4:56 PM Reporter: Daniel Lee Gray 0 Responses
Here's what I'm going to do today. Inductive reasoning. I'm going to get the students to make generalizations about me and then about each other. Then I'm going to trap them into talking about generalizations about Japanese and Americans and then talk about how hasty generalizations and stereotypes are fallacies that could ultimately hurt their writing.

I think this'll be fun^^

Here are some notes:

Inductive Reasoning

According to Answers:
Adjusting a course of action based upon a limited amount of information gathered. It is a process where one starts from a specific experience and draws inferences (generalizations) from it. For example, a salesperson, by observing a potential customer's reaction to the sales presentation, may induce what the customer's needs and personality are and what should be said to obtain the sale.

According to Wikipedia:
Inductive reasoning is the complement of deductive reasoning. For other article subjects named induction, see Induction (disambiguation).

Induction or inductive reasoning, sometimes called inductive logic, is the process of reasoning in which the premises of an argument are believed to support the conclusion but do not ensure it. It is used to ascribe properties or relations to types based on tokens (i.e., on one or a small number of observations or experiences); or to formulate laws based on limited observations of recurring phenomenal patterns. Induction is used, for example, in using specific propositions such as:

This ice is cold.
A billiard ball moves when struck with a cue.
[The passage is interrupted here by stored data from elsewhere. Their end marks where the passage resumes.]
Lemma randers_inextendible_geodesic_total :
  (forall s, unit_sign s -> forall Phi,
     (forall x, 0 < x -> derivable_pt_lim Phi x (/ (1 + s * f x))) ->
     unbounded_below_on_pos Phi) ->
  forall D g, inextendible_geodesic (randersL f) D g -> forall t, D t.
Proof.
  intros Hlo D g [Hgeo Hmax] t. apply NNPP. intro Ht.
  destruct (randers_geodesic_ode D g Hgeo) as [s [c [Hs [Hc Hode]]]].
  destruct Hgeo as [[[t0 Ht0] [HD _]] [Hpos _]].
  destruct (randers_time_function s Hs (Hlo s Hs)) as [Phi [Psi [HPhi [Hinj HPsi]]]].
  set (A := Phi (g t0) - c * s * t0).
  assert (Hline : forall tau, D tau -> Phi (g tau) = c * s * tau + A).
  { intros tau Htau.
    enough (Phi (g tau) - c * s * tau = Phi (g t0) - c * s * t0) by (unfold A; lra).
    apply (derive_zero_constant_on_convex D (fun t => Phi (g t) - c * s * t) HD); auto.
    intros t1 Ht1.
    replace 0 with (/ (1 + s * f (g t1)) * (c * (f (g t1) + s)) - c * s).
    - apply (derivable_pt_lim_minus (fun t => Phi (g t)) (fun t => c * s * t)).
      + exact (derivable_pt_lim_comp _ _ _ _ _ (Hode t1 Ht1) (HPhi _ (Hpos t1 Ht1))).
      + apply is_derive_Reals. auto_derive; auto. ring.
    - rewrite (unit_sign_add_eq s (f (g t1)) Hs).
      pose proof (wind_factor_bounds _ s (Hpos t1 Ht1) Hs). field. lra. }
  set (h := fun tau => Psi (c * s * tau + A)).
  apply Hmax. exists (fun _ => True), h. split; [|split; [|split]].
  - apply (randers_geodesic_of_ode _ h s c open_interval_full); auto.
    + intros tau _. apply HPsi.
    + intros tau _. destruct (HPsi (c * s * tau + A)) as [_ [_ HPsi']].
      replace (c * (f (h tau) + s)) with ((1 + s * f (h tau)) * (c * s))
        by (rewrite (unit_sign_add_eq s (f (h tau)) Hs); ring).
      apply (derivable_pt_lim_comp (fun tau => c * s * tau + A) Psi); [|exact HPsi'].
      apply is_derive_Reals. auto_derive; auto. ring.
  - auto.
  - intros tau Htau. unfold h. destruct (HPsi (c * s * tau + A)) as [Hh [HPhiPsi _]].
    apply Hinj; auto. rewrite HPhiPsi, Hline; auto.
  - exists t. auto.
Qed.
(* Let $\Gamma\in\mathbb{R}^{p\times p}$ be a continuous-time interconnection (not necessarily connected). There exists $\alpha>0$ such that for every Riemann-integrable $Q:\mathbb{R}_{\ge0}\to\mathcal Q_n$, the solution $\mathbf x(\cdot)$ of $\dot{\mathbf x}=(\Gamma\otimes Q_t)\mathbf x$, $\mathbf x\in\mathbb{R}^{np}$, satisfies $|\mathbf x(t)|\le\alpha|\mathbf x(0)|$ for all $t\ge0$.
   Context: $|\cdot|$ is the Euclidean norm; $\otimes$ is the Kronecker product; $\mathcal Q_n$ is the set of symmetric positive semidefinite $n\times n$ real matrices. A continuous-time interconnection is $\Gamma=[\gamma_{ij}]$ with $\gamma_{ij}\ge0$ for $i\ne j$ and $\gamma_{ii}=-\sum_{j\ne i}\gamma_{ij}$. Equivalently, writing $\mathbf x=[x_1^T\cdots x_p^T]^T$, the system is $\dot x_i=Q_t\sum_{j\ne i}\gamma_{ij}(x_j-x_i)$. *)

From Stdlib Require Import Reals Lra.
From Coquelicot Require Import Coquelicot.
Open Scope R_scope.

Fixpoint fsum (n : nat) (f : nat -> R) : R :=
  match n with
  | O => 0
  | S m => fsum m f + f m
  end.

Definition interconnection (p : nat) (Gamma : nat -> nat -> R) : Prop :=
  (forall i j, (i < p)%nat -> (j < p)%nat -> i <> j -> 0 <= Gamma i j) /\
  (forall i, (i < p)%nat ->
     Gamma i i = - fsum p (fun j => if Nat.eq_dec j i then 0 else Gamma i j)).

Definition psd_sym (n : nat) (M : nat -> nat -> R) : Prop :=
  (forall k l, (k < n)%nat -> (l < n)%nat -> M k l = M l k) /\
  (forall v : nat -> R, 0 <= fsum n (fun k => fsum n (fun l => v k * M k l * v l))).

(* A stacked vector x in R^{np}: block i (i < p), component k (k < n) is x i k.
   Euclidean norm. *)
Definition vnorm (n p : nat) (x : nat -> nat -> R) : R :=
  sqrt (fsum p (fun i => fsum n (fun k => x i k ^ 2))).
...to infer general propositions such as:

All ice is cold.
All billiard balls struck with a cue move.

Strong and weak induction

Strong induction

All observed crows are black.
therefore
All crows are black.

This exemplifies the nature of induction: inducing the universal from the particular. However, the conclusion is not certain.

...
Weak induction

I always hang pictures on nails.
therefore
All pictures hang from nails.

Assuming the first statement to be true, this example is built on the certainty that "I always hang pictures on nails" leading to the generalization that "All pictures hang from nails". However, the link between the premise and the inductive conclusion is weak. No reason exists to believe that just because one person hangs pictures on nails that there are no other ways for pictures to be, or that other people cannot do other things with pictures. Indeed, not all pictures are hung from nails; moreover, not all pictures are hung. The conclusion cannot be strongly inductively made from the premise. Using other knowledge we can easily see that this example of induction would lead us to a clearly false conclusion. Conclusions drawn in this manner are usually over generalizations.
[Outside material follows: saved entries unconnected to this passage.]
(* Let $\{v_k(t)\}_{k\ge 0}$ be a monic polynomial sequence ($\deg v_k=k$) of complex polynomials. Let $(g_k)_{k\ge0}$ be complex numbers with $g_0=0$ and $g_k\neq 0$ for $k\ge 1$, and let $(h_k)_{k\ge 0}$ be complex numbers with $h_k\neq h_j$ whenever $k\neq j$. Let $\gamma$ and $\phi$ be the linear operators on the space of complex polynomials defined by $\gamma v_k=g_k v_{k-1}$ for $k\ge1$, $\gamma v_0=0$, and $\phi v_k=h_k v_k$ for $k\ge 0$. Then the monic polynomial sequence $\{u_n(t)\}_{n\ge 0}$ ($\deg u_n=n$) satisfying $$\gamma u_n(t)+\phi u_n(t)=h_n u_n(t),\qquad n\ge 0,$$ is given by $u_n(t)=\sum_{k=0}^n c_{n,k}v_k(t)$, where $c_{n,n}=1$ for $n\ge0$ and $$c_{n,k}=\prod_{j=k}^{n-1}\frac{g_{j+1}}{h_n-h_j},\qquad 0\le k\le n-1.$$
   Context: A polynomial sequence is a sequence of polynomials $p_0,p_1,\dots$ with $\deg p_n=n$; it is monic if each $p_n$ is monic. Every polynomial sequence is a basis of the space of polynomials. *)

From HB Require Import structures.
From mathcomp Require Import all_boot all_order all_algebra.
From mathcomp Require Import complex.
From mathcomp Require Import Rstruct.
From Stdlib Require Import Reals.
Set Implicit Arguments. Unset Strict Implicit. Unset Printing Implicit Defensive.
Import Order.TTheory GRing.Theory Num.Theory.
Local Open Scope ring_scope.

Definition CC : fieldType := (complex R : fieldType).

Definition monic_poly_seq (p : nat -> {poly CC}) : Prop :=
  forall n : nat, p n \is monic /\ size (p n) = n.+1.

Definition coef_c (g h : nat -> CC) (n k : nat) : CC :=
  if k == n then 1
  else \prod_(k <= j < n) (g j.+1 / (h n - h j)).

(* Put T := gamma + phi.  Then T v_k = h_k v_k + g_k v_(k-1), so T is triangular
   in the basis (v_k) with diagonal (h_k): it does not raise degrees and it
   multiplies the coefficient of t^m of a polynomial of degree at most m by h_m.
   As the h_k are distinct, a nonzero polynomial of degree m < n cannot satisfy
   T p = h_n p, which gives uniqueness of the monic solutions u_n.  Existence:
   the recurrence c_(n,k) (h_n - h_k) = g_(k+1) c_(n,k+1) is exactly what makes
   T (sum_k c_(n,k) v_k) = h_n (sum_k c_(n,k) v_k). *)
From HB Require Import structures.
From mathcomp Require Import all_boot all_order all_algebra.
From mathcomp Require Import complex Rstruct.
Import GRing.Theory.
Local Open Scope ring_scope.

Set Implicit Arguments.
Unset Strict Implicit.

Lemma size_sub_eq_coef_top (R : nzRingType) (p q : {poly R}) m :
  (size p <= m.+1)%N -> (size q <= m.+1)%N -> p`_m = q`_m ->
  (size (p - q)%R <= m)%N.
Proof.
move=> /leq_sizeP sp /leq_sizeP sq pqm; apply/leq_sizeP => j.
rewrite leq_eqVlt coefB => /predU1P [<- | ltmj]; first by rewrite pqm subrr.
by rewrite sp // sq // subrr.
Qed.

Section TriangularOperator.
Variables (F : idomainType) (v : nat -> {poly F}) (g h : nat -> F).
Variable T : {linear {poly F} -> {poly F}}.
Hypothesis v_monic : forall n, v n \is monic /\ size (v n) = n.+1.
Hypothesis g0 : g 0%N = 0.
Hypothesis Tv : forall k, T (v k) = h k *: v k + g k *: v k.-1.

Lemma size_v n : size (v n) = n.+1.
Proof. by have [] := v_monic n. Qed.

Lemma coef_v_top n : (v n)`_n = 1.
Proof. by have [/monicP] := v_monic n; rewrite lead_coefE size_v. Qed.

Lemma size_sub_coef_top_v (p : {poly F}) m :
  (size p <= m.+1)%N -> (size (p - p`_m *: v m)%R <= m)%N.
Proof.
move=> sp; apply: size_sub_eq_coef_top => //; last by rewrite coefZ coef_v_top mulr1.
by rewrite (leq_trans (size_scale_leq _ _)) ?size_v.
Qed.

Lemma size_g_v_pred m : (size (g m *: v m.-1) <= m)%N.
Proof.
case: m => [|m]; first by rewrite g0 scale0r size_poly0.
by rewrite (leq_trans (size_scale_leq _ _)) ?size_v.
Qed.

Lemma T_expand_top (p : {poly F}) m :
  T p = T (p - p`_m *: v m) + p`_m *: (h m *: v m + g m *: v m.-1).
Proof. by rewrite -Tv -linearZ -linearD subrK. Qed.

Lemma size_T_leq (p : {poly F}) n : (size p <= n)%N -> (size (T p) <= n)%N.
Proof.
elim: n p => [|m IHm] p sp.
  by move: sp; rewrite size_poly_leq0 => /eqP ->; rewrite linear0 size_poly0.
rewrite (T_expand_top p m) (leq_trans (size_polyD _ _)) // geq_max.
rewrite (leqW (IHm _ _)) ?size_sub_coef_top_v //.
rewrite (leq_trans (size_scale_leq _ _)) // (leq_trans (size_polyD _ _)) //.
by rewrite geq_max (leqW (size_g_v_pred m)) (leq_trans (size_scale_leq _ _)) ?size_v.
Qed.

Lemma coef_T_top (p : {poly F}) m : (size p <= m.+1)%N -> (T p)`_m = h m * p`_m.
Proof.
move=> sp; have /size_T_leq/leq_sizeP Tq0 := size_sub_coef_top_v sp.
have /leq_sizeP gv0 := size_g_v_pred m.
rewrite (T_expand_top p m) coefD Tq0 // coefZ coefD gv0 // coefZ coef_v_top.
by rewrite add0r addr0 mulr1 mulrC.
Qed.

Lemma T_eigen_eq0 (p : {poly F}) n c : (forall k, (k < n)%N -> h k != c) ->
  (size p <= n)%N -> T p = c *: p -> p = 0.
Proof.
move=> hc sp Tp; apply/eqP; rewrite -size_poly_eq0.
case sp_eq: (size p) => [//|m].
have : lead_coef p != 0 by rewrite lead_coef_eq0 -size_poly_eq0 sp_eq.
rewrite lead_coefE sp_eq /= => lcp.
have := coef_T_top (eq_leq sp_eq); rewrite Tp coefZ => /(mulIf lcp)/eqP.
by rewrite eq_sym (negbTE (hc m _)) // -ltnS -sp_eq.
Qed.

Lemma size_coef_top_sum_v n (a : nat -> F) :
  (size (\sum_(k < n.+1) a k *: v k)%R <= n.+1)%N /\
  (\sum_(k < n.+1) a k *: v k)`_n = a n.
Proof.
split.
  apply/(leq_trans (size_sum _ _ _))/bigmax_leqP => k _.
  rewrite (leq_trans (size_scale_leq _ _)) // size_v.
  exact: ltn_ord.
rewrite coef_sum big_ord_recr /= big1 ?add0r => [|k _].
  by rewrite coefZ coef_v_top mulr1.
by rewrite coefZ nth_default ?mulr0 // size_v.
Qed.

Lemma T_eigen_sum_v n (a : nat -> F) :
  (forall k, (k < n)%N -> a k * (h n - h k) = g k.+1 * a k.+1) ->
  T (\sum_(k < n.+1) a k *: v k) = h n *: \sum_(k < n.+1) a k *: v k.
Proof.
move=> a_rec; rewrite linear_sum scaler_sumr.
under eq_bigr do rewrite linearZ /= Tv scalerDr !scalerA.
rewrite big_split /= [X in _ + X]big_ord_recl g0 mulr0 scale0r add0r.
rewrite big_ord_recr [RHS]big_ord_recr /= addrAC -big_split /= scalerA mulrC.
congr (_ + _); apply: eq_bigr => k _.
rewrite /bump leq0n add0n /= scalerA -scalerDl; congr (_ *: _).
by rewrite add1n [_ * g _]mulrC -a_rec // mulrBr addrC subrK mulrC.
Qed.

End TriangularOperator.

Lemma coef_c_rec (g h : nat -> CC) n :
  (forall i j : nat, i <> j -> h i <> h j) -> forall k, (k < n)%N ->
  coef_c g h n k * (h n - h k) = g k.+1 * coef_c g h n k.+1.
Proof.
move=> h_inj k ltkn.
have hnk : h n - h k != 0 by rewrite subr_eq0; apply/eqP/h_inj/eqP; rewrite gtn_eqF.
rewrite /coef_c (ltn_eqF ltkn) big_ltn //; case: eqP => [-> | _].
  by rewrite big_geq // !mulr1 divfK.
by rewrite mulrAC divfK.
Qed.

Unset Implicit Arguments.

Theorem theorem1
  (v : nat -> {poly CC}) (g h : nat -> CC)
  (gamma phi : {linear {poly CC} -> {poly CC}})
  (hv : monic_poly_seq v)
  (hg0 : g 0%N = 0) (hg : forall k : nat, (0 < k)%N -> g k != 0)
  (hh : forall k j : nat, k <> j -> h k <> h j)
  (hgamma0 : gamma (v 0%N) = 0)
  (hgamma : forall k : nat, (0 < k)%N -> gamma (v k) = g k *: v k.-1)
  (hphi : forall k : nat, phi (v k) = h k *: v k) :
  forall u : nat -> {poly CC}, monic_poly_seq u ->
    ((forall n : nat, gamma (u n) + phi (u n) = h n *: u n) <->
     (forall n : nat, u n = \sum_(k < n.+1) coef_c g h n k *: v k)).
Proof.
have Tv k : (gamma \+ phi) (v k) = h k *: v k + g k *: v k.-1.
  rewrite /= hphi addrC; case: k => [|k]; last by rewrite hgamma.
  by rewrite hgamma0 hg0 scale0r.
have eigen_c n : gamma (\sum_(k < n.+1) coef_c g h n k *: v k) +
    phi (\sum_(k < n.+1) coef_c g h n k *: v k) =
    h n *: \sum_(k < n.+1) coef_c g h n k *: v k.
  exact: (T_eigen_sum_v hg0 Tv (coef_c_rec (n := n) g hh)).
move=> u hu; split => [Tu n | u_eq n]; last by rewrite u_eq; exact: eigen_c.
have [sw wn] := size_coef_top_sum_v hv n (coef_c g h n).
apply/eqP; rewrite -subr_eq0; apply/eqP/(T_eigen_eq0 hv hg0 Tv (n := n) (c := h n)).
- by move=> k ltkn; apply/eqP/hh/eqP; rewrite ltn_eqF.
- apply: size_sub_eq_coef_top sw _; first by have [_ ->] := hu n.
  by rewrite wn /coef_c eqxx (coef_v_top hu).
- by rewrite linearB /= Tu eigen_c scalerBr.
Qed.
Teenagers are given many speeding tickets.
therefore
All teenagers speed.

In this example, the premise is built upon a certainty; however, it is not one that leads to the conclusion. Not every teenager observed has been given a speeding ticket. In other words, unlike "The sun rises every morning", there are already plenty of examples of teenagers not being given speeding tickets. Therefore the conclusion drawn can easily be true or false (perhaps more easily false than true in this case), and the inductive logic does not give us a strong conclusion. In both of these examples of weak induction, the logical means of connecting the premise and conclusion (with the word "therefore") are faulty, and do not give us a strong inductively reasoned statement.

Validity

Formal logic as most people learn it is deductive rather than inductive. Some philosophers claim to have created systems of inductive logic, but it is controversial whether a logic of induction is even possible. In contrast to deductive reasoning, conclusions arrived at by inductive reasoning do not necessarily have the same degree of certainty as the initial premises. For example, a conclusion that all swans are white is false, but may have been thought true in Europe until the settlement of Australia, when Black Swans were discovered. Inductive arguments are never binding but they may be cogent. Inductive reasoning is deductively invalid. (An argument in formal logic is valid if and only if it is not possible for the premises of the argument to be true whilst the conclusion is false.) In induction there are always many conclusions that can reasonably be related to certain premises. Inductions are open; deductions are closed. It is however possible to derive a true statement using inductive reasoning if you know the conclusion. The only way to have an efficient argument by induction is for the known conclusion to be able to be true only if an unstated external conclusion is true, from which the initial conclusion was built and has certain criteria to be met in order to be true (separate from the stated conclusion). By substitution of one conclusion for the other, you can inductively find out what evidence you need in order for your induction to be true. For example, if you have a window that opens only one way, but not the other. Assuming that you know that the only way for that to happen is that the hinges are faulty, inductively you can postulate that the only way for that window to be fixed would be to apply oil (whatever will fix the unstated conclusion). From there on you can successfully build your case. However, if your unstated conclusion is false, which can only be proven by deductive reasoning, then your whole argument by induction collapses. Thus ultimately, pure inductive reasoning does not exist.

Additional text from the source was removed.